WORK TO BE COMPLETED:
Filtering the records below, copy only those lines that include the word "Hbox".
########
(* For every $n\ge1$ and every $\pi\in S_n$, $\pi$ is $321$-avoiding if and only if $\Phi_4(\pi)$ is a parallelogram polyomino.
   Context: Cells are unit squares $[i,i+1]\times[j,j+1]$ with integer $i,j$; a polyomino is a finite edge-connected set of cells, up to translation. A directed polyomino has a distinguished cell (the source) such that every cell can be reached from the source by a path of cells moving only North or East inside the polyomino. It is column-convex if each column is connected. The (directed) height is the number of distinct diagonal lines $x+y=\text{const}$ passing through centers of its cells. A deco polyomino is a directed column-convex polyomino whose height is attained only in its last (rightmost) column; $D_n$ denotes those of height $n$. Every deco polyomino of height $n$ is built uniquely by $n$ steps from the empty polyomino; at step $j$ one performs either an elevation (add a cell at the bottom of the leftmost column; step 1 is always an elevation) or a column pasting (add a new column of $k$ cells, $1\le k\le j-1$, to the left of the current polyomino so that the bottoms of the first two columns lie at the same level). The bijection $\Phi_4:S_n\to D_n$ is defined through its inverse, recursively: the height-1 polyomino maps to the permutation $1$; if $\delta\in D_n$ arises from $\delta'\in D_{n-1}$ and $\Phi_4^{-1}(\delta')=\pi_1\cdots\pi_{n-1}$, then $\Phi_4^{-1}(\delta)=\pi_1\cdots\pi_{n-1}\,n$ if the last step is an elevation, and $\Phi_4^{-1}(\delta)=\pi_1\cdots\pi_{n-1-k}\,n\,\pi_{n-k}\cdots\pi_{n-1}$ if the last step pastes a column of length $k$. A permutation is $321$-avoiding if there are no indices $i<j<k$ with $\pi_i>\pi_j>\pi_k$. A parallelogram polyomino is a polyomino bounded by two lattice paths with steps $(1,0)$ and $(0,1)$ which intersect only at their common origin and common endpoint. *)

From mathcomp Require Import all_boot all_order all_algebra.
Set Implicit Arguments. Unset Strict Implicit. Unset Printing Implicit Defensive.
Import Order.TTheory GRing.Theory Num.Theory.

(* A cell [i,i+1]x[j,j+1] is represented by its lower-left corner (i,j). *)
Definition cell := (int * int)%type.

(* A deco polyomino is stored as its list of columns, leftmost first; column
   number x (0-based in the list) occupies the cells (x, y) with
   bottom <= y < bottom + length.  Polyominoes are considered up to
   translation; all predicates below are translation invariant. *)
Definition column := (int * nat)%type.

Definition elevation (cs : seq column) : seq column :=
  match cs with
  | [::] => [:: (0%R, 1%N)]
  | (b, l) :: cs' => (b - 1, l.+1)%R :: cs'
  end.

Definition pasting (k : nat) (cs : seq column) : seq column :=
  match cs with
  | [::] => [:: (0%R, k)]
  | (b, l) :: _ => (b, k) :: cs
  end.

(* A construction code: entry number j (0-based, i.e. step j+1) is 0 for an
   elevation and k >= 1 for the pasting of a column of k cells. *)
Definition step (k : nat) (cs : seq column) : seq column :=
  if k == 0%N then elevation cs else pasting k cs.

Definition build (c : seq nat) : seq column := foldl (fun cs k => step k cs) [::] c.

(* Validity: step 1 is an elevation and at step j one has 1 <= k <= j-1. *)
Definition valid_code (c : seq nat) : bool :=
  all (fun j => nth 0%N c j <= j) (iota 0 (size c)).

Definition deco_cells (cs : seq column) (p : cell) : Prop :=
  (0 <= p.1)%R /\
  let: (b, l) := nth (0%R, 0%N) cs `|p.1|%N in (b <= p.2 < b + l%:Z)%R.

(* Phi_4^{-1}: permutations in one-line notation as sequences of values. *)
Definition insert_step (k : nat) (n : nat) (pi : seq nat) : seq nat :=
  if k == 0%N then rcons pi n
  else take (size pi - k) pi ++ n :: drop (size pi - k) pi.

Fixpoint Phi4inv_aux (pi : seq nat) (j : nat) (c : seq nat) : seq nat :=
  match c with
  | [::] => pi
  | k :: c' => Phi4inv_aux (insert_step k j pi) j.+1 c'
  end.

Definition Phi4inv (c : seq nat) : seq nat := Phi4inv_aux [::] 1 c.

Definition Phi4 (n : nat) (pi : seq nat) : seq column :=
  match [pick c : n.-tuple 'I_n | valid_code (map val c) && (Phi4inv (map val c) == pi)] with
  | Some c => build (map val c)
  | None => [::]
  end.

Definition avoids321 (pi : seq nat) : Prop :=
  ~ exists i j k, [/\ (i < j < k)%N, (k < size pi)%N &
                     (nth 0 pi k < nth 0 pi j < nth 0 pi i)%N].

Definition is_perm (n : nat) (pi : seq nat) : bool := perm_eq pi (iota 1 n).

(* lattice paths: true = East step (1,0), false = North step (0,1) *)
Definition lstep (o : cell) (b : bool) : cell :=
  if b then (o.1 + 1, o.2)%R else (o.1, o.2 + 1)%R.

Fixpoint pverts (o : cell) (p : seq bool) : seq cell :=
  o :: match p with [::] => [::] | b :: p' => pverts (lstep o b) p' end.

Definition pend (o : cell) (p : seq bool) : cell := last o (pverts o p).

(* height of the East step of the path crossing the vertical strip [i,i+1] *)
Fixpoint eheight (o : cell) (p : seq bool) (i : int) : option int :=
  match p with
  | [::] => None
  | b :: p' => if b && (o.1 == i) then Some o.2 else eheight (lstep o b) p' i
  end.

Definition between (o : cell) (U L : seq bool) (p : cell) : Prop :=
  exists hU hL, [/\ eheight o U p.1 = Some hU, eheight o L p.1 = Some hL &
                   (Num.min hU hL <= p.2 < Num.max hU hL)%R].
(* Since v is odd in y it vanishes on the x-axis, so it suffices to bound v and - v on
   the upper half D = {y > 0, |xi| > Rb}, where both vanish on the boundary.
   1. Maximum principle on D ([half_domain_max_principle]).  L has a zeroth-order term of
      the wrong sign, but L y = 0; so one maximizes the positive part of n / y, which is
      continuous on the plane when n < 0 on the boundary of D and vanishes far out.  At a
      maximum point (x0, y0) with value phi > 0, n - phi y has an interior maximum, and the
      one-dimensional second-derivative test in x and in y gives L n (x0, y0) <= 0.
   2. Barriers ([barrier_margin]).  For g = kappa (r - Rb^2 / r) + eps r^2, r = |xi|,
      L g = kappa (1 - 2 Rb^2) / r - kappa Rb^2 / r^3 + eps (4 - r^2); with
      kappa = K / (2 Rb^2 - 1) + delta and eps = delta (2 Rb^2 - 1) / 8 this is < - K / r.
      Hence L (v - g) > 0 in D, v - g < 0 on the boundary and far out, so v <= g by step 1,
      and delta -> 0 gives v <= K r / (2 Rb^2 - 1) ([half_domain_bound]). *)

Definition near2 (x y : R) (P : R -> R -> Prop) : Prop :=
  exists d, 0 < d /\ forall a b, Rabs (a - x) < d -> Rabs (b - y) < d -> P a b.

Lemma near2_center x y (P : R -> R -> Prop) : near2 x y P -> P x y.
Proof.
  intros [d [Hd HP]]. apply HP; rewrite Rminus_diag, Rabs_R0; lra.
Qed.

Lemma near2_and x y (P Q : R -> R -> Prop) :
  near2 x y P -> near2 x y Q -> near2 x y (fun a b => P a b /\ Q a b).
Proof.
  intros [d1 [Hd1 HP]] [d2 [Hd2 HQ]]. exists (Rmin d1 d2).
  split; [apply Rmin_pos; lra |].
  intros a b Ha Hb. pose proof (Rmin_l d1 d2). pose proof (Rmin_r d1 d2).
  split; [apply HP | apply HQ]; lra.
Qed.

Lemma near2_impl x y (P Q : R -> R -> Prop) :
  (forall a b, P a b -> Q a b) -> near2 x y P -> near2 x y Q.
Proof. intros HPQ [d [Hd HP]]. exists d. split; auto. Qed.

Definition cont2 (f : R -> R -> R) (x y : R) : Prop :=
  continuous (fun q : R * R => f (fst q) (snd q)) (x, y).

Lemma cont2_near f x y :
  cont2 f x y <->
  forall eps, 0 < eps -> near2 x y (fun a b => Rabs (f a b - f x y) < eps).
Proof.
  unfold cont2, continuous. rewrite filterlim_locally. split.
  - intros H eps He. destruct (H (mkposreal _ He)) as [d Hd].
    exists d. split; [apply cond_pos |]. intros a b Ha Hb. apply (Hd (a, b)). now split.
  - intros H eps. destruct (H eps (cond_pos eps)) as [d [Hd Hbox]].
    exists (mkposreal _ Hd). intros [a b] [Ha Hb]. now apply Hbox.
Qed.

Lemma cont2_near_ext f g x y :
  near2 x y (fun a b => f a b = g a b) -> cont2 g x y -> cont2 f x y.
Proof.
  intros Hfg Hg. rewrite cont2_near in Hg |- *. intros eps He.
  rewrite (near2_center _ _ _ Hfg).
  apply (near2_impl _ _ (fun a b => f a b = g a b /\ Rabs (g a b - g x y) < eps)).
  - intros a b [-> H]. exact H.
  - apply near2_and; auto.
Qed.

Lemma cont2_const c x y : cont2 (fun _ _ => c) x y.
Proof. apply continuous_const. Qed.

Lemma cont2_sumsq x y : cont2 (fun a b => a * a + b * b) x y.
Proof.
  apply (continuous_plus (fun q : R * R => fst q * fst q) (fun q : R * R => snd q * snd q)).
  - apply (continuous_mult (fun q : R * R => fst q) (fun q : R * R => fst q));
      apply continuous_fst.
  - apply (continuous_mult (fun q : R * R => snd q) (fun q : R * R => snd q));
      apply continuous_snd.
Qed.

Lemma sumsq_near_gt c x y :
  c < x * x + y * y -> near2 x y (fun a b => c < a * a + b * b).
Proof.
  intros H. apply (near2_impl _ _ (fun a b =>
    Rabs (a * a + b * b - (x * x + y * y)) < x * x + y * y - c)).
  - intros a b Hab. apply Rabs_def2 in Hab. lra.
  - apply (proj1 (cont2_near _ x y) (cont2_sumsq x y)). lra.
Qed.

Lemma sumsq_near_lt c x y :
  x * x + y * y < c -> near2 x y (fun a b => a * a + b * b < c).
Proof.
  intros H. apply (near2_impl _ _ (fun a b =>
    Rabs (a * a + b * b - (x * x + y * y)) < c - (x * x + y * y))).
  - intros a b Hab. apply Rabs_def2 in Hab. lra.
  - apply (proj1 (cont2_near _ x y) (cont2_sumsq x y)). lra.
Qed.

Lemma continuity_pt_of_eps (G : R -> R) x0 :
  (forall eps, 0 < eps -> exists d, 0 < d /\
     forall x, Rabs (x - x0) < d -> Rabs (G x - G x0) < eps) ->
  continuity_pt G x0.
Proof.
  intros H eps He. destruct (H eps He) as [d [Hd HG]].
  exists d. split; auto. intros x [_ Hx]. now apply HG.
Qed.
(* Assume $\rho_1,\rho_2$ are strictly positive, $\rho_1(s,a)=\rho_1^{\mathcal S}(s)\pi_{b1}(a\mid s)$, $\gamma_1,\gamma_2\in[0,1)$, $\beta\ge0$, and $\|q_1^\star\|_\infty\le B_{Q1}$, $\|q_2^\star\|_\infty\le B_{Q2}$, $\|d^{P_2}_{\pi_2^\star,\rho_2}/\rho_2\|_\infty\le\kappa_2$, $\|d^{P_1}_{\mu,\rho_1}/\rho_1\|_\infty\le\kappa_1$, $\|d^{P_2}_{\pi_2^\star,\rho_2}/\rho_1\|_\infty\le\kappa_{12}$, $\|\mu/\pi_{b1}\|_\infty\le\kappa_{\mu\mid\pi_{b1}}$, $\|d^{P_2,\mathcal S}_{\pi_2^\star,\rho_2}/\rho_1^{\mathcal S}\|_\infty\le\kappa^{\mathcal S}_{12}$. Let $l_2^\star$, $l_{1,\rm mod}^\star$, $l_{1,\rm coup}^\star$ be the functions satisfying, for all $h$, $\langle l_2^\star,(I-\gamma_2P_2^{\pi_2^\star})h\rangle_{\rho_2}=\langle q_2^\star,h\rangle_{\rho_2}$; $\langle l_{1,\rm mod}^\star,(I-\gamma_1P_1^\mu)h\rangle_{\rho_1}=\langle q_1^\star,h\rangle_{\rho_1}$; $\langle l_{1,\rm coup}^\star,(I-\gamma_1P_1^\mu)h\rangle_{\rho_1}=\beta\langle q_1^\star,h\rangle_{\rho_1}+\langle l_2^\star,(I-\Pi_\mu)h\rangle_{\rho_2}$. Then these are uniquely determined and $$l_2^\star=\frac{(I-\gamma_2(P_2^{\pi_2^\star})^\top)^{-1}(\rho_2\odot q_2^\star)}{\rho_2},\quad l_{1,\rm mod}^\star=\frac{(I-\gamma_1(P_1^\mu)^\top)^{-1}(\rho_1\odot q_1^\star)}{\rho_1},$$ $$l_{1,\rm coup}^\star=\beta l_{1,\rm mod}^\star+l_{1,\rm cross}^\star,\qquad l_{1,\rm cross}^\star=\frac{(I-\gamma_1(P_1^\mu)^\top)^{-1}(I-\Pi_\mu)^\top(\rho_2\odot l_2^\star)}{\rho_1}.$$ Consequently $\|l_2^\star\|_\infty\le\frac{\kappa_2}{1-\gamma_2}B_{Q2}$, $\|l_{1,\rm mod}^\star\|_\infty\le\frac{\kappa_1}{1-\gamma_1}B_{Q1}$, and $$\|l_{1,\rm coup}^\star\|_\infty\le\beta\frac{\kappa_1}{1-\gamma_1}B_{Q1}+\frac{\kappa_1(\kappa_{12}+\kappa_{\mu\mid\pi_{b1}}\kappa_{12}^{\mathcal S})}{(1-\gamma_1)(1-\gamma_2)}B_{Q2}.$$
   Context: Setup: $\mathcal S,\mathcal A$ finite; functions/measures on $\mathcal S\times\mathcal A$ are vectors; $\odot$ and division are pointwise; $K^\top$ denotes the transpose (Euclidean adjoint) of a linear operator $K$, acting on measures. $\langle f,h\rangle_\rho=\sum\rho fh$. $\rho_1,\rho_2$ are probability distributions on $\mathcal S\times\mathcal A$, $\rho_1^{\mathcal S}$ a distribution on $\mathcal S$, $\pi_{b1}$ a policy. $P_1,P_2$ transition kernels; $\mu$ anchor policy; $(\Pi_\mu q)(s,a)=\sum_{a'}\mu(a'\mid s)q(s,a')$; $(P_1^\mu q)(s,a)=\sum_{s'}P_1(s'\mid s,a)\sum_{a'}\mu(a'\mid s')q(s',a')$; $(P_2^\pi h)(s,a)=\sum_{s'}P_2(s'\mid s,a)\sum_{a'}\pi(a'\mid s')h(s',a')$. $q_1^\star,q_2^\star$ are given functions on $\mathcal S\times\mathcal A$ and $\pi_2^\star$ a given policy. Occupancies (state-action initial distribution): $d^{P_2}_{\pi,\rho_2}:=(1-\gamma_2)\sum_{t\ge0}\gamma_2^t((P_2^{\pi})^\top)^t\rho_2$, $d^{P_1}_{\mu,\rho_1}:=(1-\gamma_1)\sum_{t\ge0}\gamma_1^t((P_1^\mu)^\top)^t\rho_1$, and $d^{P_2,\mathcal S}_{\pi,\rho_2}(s):=\sum_a d^{P_2}_{\pi,\rho_2}(s,a)$. *)

From HB Require Import structures.
From mathcomp Require Import all_boot all_order all_algebra.
From mathcomp Require Import all_classical all_reals.
From mathcomp Require Import topology normedtype sequences.
Set Implicit Arguments. Unset Strict Implicit. Unset Printing Implicit Defensive.
Import Order.TTheory GRing.Theory Num.Theory.
Import numFieldNormedType.Exports.
Local Open Scope ring_scope.

Section MDP.
Variables (R : realType) (S A : finType).
Local Notation T := (S * A)%type.

Definition apply (K : T -> T -> R) (f : T -> R) : T -> R :=
  fun x => \sum_(y : T) K x y * f y.

Definition tr (K : T -> T -> R) : T -> T -> R := fun x y => K y x.

Definition idk : T -> T -> R := fun x y => (x == y)%:R.

Definition IminusK (g : R) (K : T -> T -> R) : T -> T -> R :=
  fun x y => idk x y - g * K x y.

Definition mx_of (K : T -> T -> R) : 'M[R]_#|{: S * A}| :=
  \matrix_(i, j) K (enum_val i) (enum_val j).
Definition op_of (M : 'M[R]_#|{: S * A}|) : T -> T -> R :=
  fun x y => M (enum_rank x) (enum_rank y).
Definition opinv (K : T -> T -> R) : T -> T -> R := op_of (invmx (mx_of K)).

(* (P^pi h)(s,a) = sum_{s'} P(s'|s,a) sum_{a'} pi(a'|s') h(s',a');
   P s a s' = P(s'|s,a), pi s a = pi(a|s). *)
Definition Ppi (P : S -> A -> S -> R) (pi : S -> A -> R) : T -> T -> R :=
  fun x y => P x.1 x.2 y.1 * pi y.1 y.2.

(* (Pi_mu q)(s,a) = sum_{a'} mu(a'|s) q(s,a') *)
Definition Pimu (mu : S -> A -> R) : T -> T -> R :=
  fun x y => (x.1 == y.1)%:R * mu y.1 y.2.

Definition inner (rho f h : T -> R) : R := \sum_(x : T) rho x * f x * h x.

Definition sup_norm (f : T -> R) : R := \big[Num.max/0]_(x : T) `|f x|.

Definition pw_mul (f g : T -> R) : T -> R := fun x => f x * g x.
Definition pw_div (f g : T -> R) : T -> R := fun x => f x / g x.

Definition occupancy (g : R) (K : T -> T -> R) (rho : T -> R) : T -> R :=
  fun x => (1 - g) * limn (series (fun t : nat => g ^+ t * iter t (apply (tr K)) rho x)).

Definition occupancyS (g : R) (K : T -> T -> R) (rho : T -> R) : S -> R :=
  fun s => \sum_(a : A) occupancy g K rho (s, a).

Definition is_policy (pi : S -> A -> R) : Prop :=
  (forall s a, 0 <= pi s a) /\ (forall s, \sum_(a : A) pi s a = 1).

Definition is_kernel (P : S -> A -> S -> R) : Prop :=
  (forall s a s', 0 <= P s a s') /\ (forall s a, \sum_(s' : S) P s a s' = 1).

End MDP.

(* Each adjoint equation says, after testing against indicator functions, that
   [(I - g K^T)(rho l)] equals an explicit source term.  For a stochastic [K] and
   [g < 1] the map [v |-> v - g K v] has trivial kernel (a nonzero fixed point of
   [g K] would have sup norm at most [g] times itself), so [I - g K^T] is invertible
   and the equations have the stated unique solutions.  The inverse is the Neumann
   series [sum_t g^t (K^T)^t], a positive operator; hence a source bounded by
   [c rho] yields a solution bounded by [c] times the resolvent of [rho], which is
   the occupancy measure divided by [1 - g].  Dividing by [rho] and using the
   concentrability constants gives the sup-norm bounds; for the coupled equation
   the source [(I - Pi_mu)^T (rho2 l2)] is controlled through the occupancy of
   [pi2] both at state-action level and, after summing out the actions, at state
   level, where [mu / pi_b1] converts it back to state-action level. *)
From HB Require Import structures.
From mathcomp Require Import all_boot all_order all_algebra.
From mathcomp Require Import all_classical all_reals.
From mathcomp Require Import topology normedtype sequences.
From mathcomp Require Import ring lra.
Import Order.TTheory GRing.Theory Num.Theory.
Import numFieldNormedType.Exports.
Local Open Scope ring_scope.

Set Implicit Arguments.
Unset Strict Implicit.

Lemma ler_of_norm_divr_le (R : realFieldType) (f r k : R) :
  0 < r -> `|f / r| <= k -> f <= k * r.
Proof. by move=> r_gt0 le_fr; rewrite -ler_pdivrMr //; exact: le_trans (ler_norm _) le_fr. Qed.
Theorem proposition4p2 (R : realType) (F : finType) (V : F -> finType)
  (p : prog R V) (n : nat) (a b : St V) :
  Bsem (piter p n) a b =
  \sum_(a' : St V) mpow (Ssem p) n.+1 (a, finset.set0) (a', b).
Proof.
rewrite Bsem_piter Ssem_small_step sum_small_step_pow; last first.
  by have [_ row_sum1] := stochastic_Bsem p.
by under eq_bigr do rewrite finset.set0U; rewrite sum_delta_l.
Qed.
Lemma presents_hL n : presents (hL n) (window_rel n.+1).
Proof.
split.
  by split; [exact: init_window_hL | exact: RI_linrec (ecoefL0 n) (linrec_hL n)].
move=> B w [ww wRI]; split; first exact: exists_rmorph_hL.
by move=> f1 f2 f1w f2w; apply: eq_rmorph_hL => k /=; rewrite f1w f2w.
Qed.

Section Presentations.
Variable n : nat.
Local Notation M := n.+1.
Local Notation L := (SymLaurent M).

Lemma init_window_w_plus (B : comPzRingType) (h : gensUplus -> B) :
  init_window M (w_plus M h).
Proof.
split=> [|i iM]; first by rewrite /w_plus vseq_lt0 ?subr0 //; lia.
by rewrite /w_plus useq_lt0 ?vseq_lt0 ?subr0 //; lia.
Qed.

Definition g_plus (x : gensUplus) : L :=
  match x with inl k => hL n k.+1 | inr k => - hL n (- M%:Z - k%:Z) end.

Lemma w_plus_g : w_plus M g_plus = hL n.
Proof.
have [h0 hneg] := init_window_hL n.
apply: functional_extensionality => -[[|k]|k]; rewrite /w_plus.
- by rewrite vseq_lt0 ?subr0 //; lia.
- by rewrite vseq_lt0 ?subr0 //; lia.
rewrite useq_lt0 // sub0r; case: (ltnP k n) => kn.
  by rewrite vseq_lt0 ?oppr0 ?NegzE ?hneg //; lia.
rewrite (_ : _ - _ = (k - n)%N%:Z) /= ?opprK; last by rewrite NegzE; lia.
by congr (hL n); rewrite NegzE; lia.
Qed.

Lemma presents_g_plus : presents g_plus (rel_Uplus M).
Proof.
apply: (presents_transfer (presents_hL n) w_plus_g).
- move=> B h; split=> [hRI|[]//]; split=> //; exact: init_window_w_plus.
- by move=> B f h k; rewrite /w_plus rmorphB rmorph_useq rmorph_vseq.
move=> B f h fw [k|k] /=.
  by rewrite fw /w_plus vseq_lt0 ?subr0 //; lia.
rewrite rmorphN fw /w_plus useq_lt0; last by lia.
by rewrite (_ : _ - _ = k%:Z) ?sub0r ?opprK //; lia.
Qed.

Lemma init_window_w_pm (B : comPzRingType) (h : gensUpm -> B) :
  init_window M (w_pm M h).
Proof.
split=> [|i iM]; first by rewrite /w_pm (@useq_lt0 _ _ (_ - 0)) ?mulr0 ?subr0 //; lia.
by rewrite /w_pm !useq_lt0 ?mulr0 ?subr0 //; lia.
Qed.

Lemma ecoefL_hL : ecoefL n M * hL n (- M%:Z) = -1.
Proof. exact: linrec_at0 (init_window_hL n) (ecoefL0 n) (linrec_hL n 0). Qed.

Definition g_pm (x : gensUpm) : L :=
  match x with
  | None => - hL n (- M%:Z)
  | Some (inl k) => hL n k.+1
  | Some (inr k) => - ecoefL n M * hL n (- M%:Z - k.+1%:Z)
  end.

Lemma w_pm_g : w_pm M g_pm = hL n.
Proof.
have [h0 hneg] := init_window_hL n.
apply: functional_extensionality => -[[|k]|k]; rewrite /w_pm.
- by rewrite (@useq_lt0 _ _ (_ - _)) ?mulr0 ?subr0 //; lia.
- by rewrite (@useq_lt0 _ _ (_ - _)) ?mulr0 ?subr0 //; lia.
rewrite useq_lt0 // sub0r; case: (ltngtP k n) => kn.
- by rewrite useq_lt0 ?mulr0 ?oppr0 ?NegzE ?hneg //; lia.
- rewrite (_ : _ - _ = (k - M).+1%N%:Z) /=; last by rewrite NegzE; lia.
  rewrite mulNr opprK mulNr mulrN mulrA (mulrC (hL n _)) ecoefL_hL mulN1r opprK.
  by congr (hL n); rewrite NegzE; lia.
- rewrite kn (_ : _ - _ = 0); last by rewrite NegzE; lia.
  by rewrite /= mulr1 opprK NegzE.
Qed.

Lemma presents_g_pm : presents g_pm (rel_Upm M).
Proof.
apply: (presents_transfer (presents_hL n) w_pm_g).
- move=> B h; split=> [hRI|[]//]; split=> //; exact: init_window_w_pm.
- by move=> B f h k; rewrite /w_pm rmorphB rmorphM !rmorph_useq.
move=> B f h fw.
have fwM : f (hL n (- M%:Z)) = - h None.
  by rewrite fw /w_pm useq_lt0 ?subrr /= ?mulr1 ?sub0r //; lia.
have fcK : f (ecoefL n M) * h None = 1.
  by apply: oppr_inj; rewrite -mulrN -fwM -rmorphM ecoefL_hL rmorphN rmorph1.
case=> [[k|k]|] /=.
- by rewrite fw /w_pm (@useq_lt0 _ _ (_ - _)) ?mulr0 ?subr0 //; lia.
- rewrite rmorphM rmorphN fw /w_pm useq_lt0; last by lia.
  rewrite (_ : _ - _ = k.+1%:Z) /=; last by lia.
  by rewrite sub0r mulrN mulNr opprK mulrA fcK mul1r.
- by rewrite rmorphN fwM opprK.
Qed.

End Presentations.

Theorem mainTheorem6 (m : nat) : (1 <= m)%N ->
  (exists g : gensUplus -> SymLaurent m, presents g (rel_Uplus m)) /\
  (exists g : gensUpm -> SymLaurent m, presents g (rel_Upm m)).
Proof.
case: m => // n _; split; [exists (g_plus n) | exists (g_pm n)].
  exact: presents_g_plus.
exact: presents_g_pm.
Qed.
########
SOLUTION TO THIS PROBLEM:
  - intros H eps. destruct (H eps (cond_pos eps)) as [d [Hd Hbox]].
    exists (mkposreal _ Hd). intros [a b] [Ha Hb]. now apply Hbox.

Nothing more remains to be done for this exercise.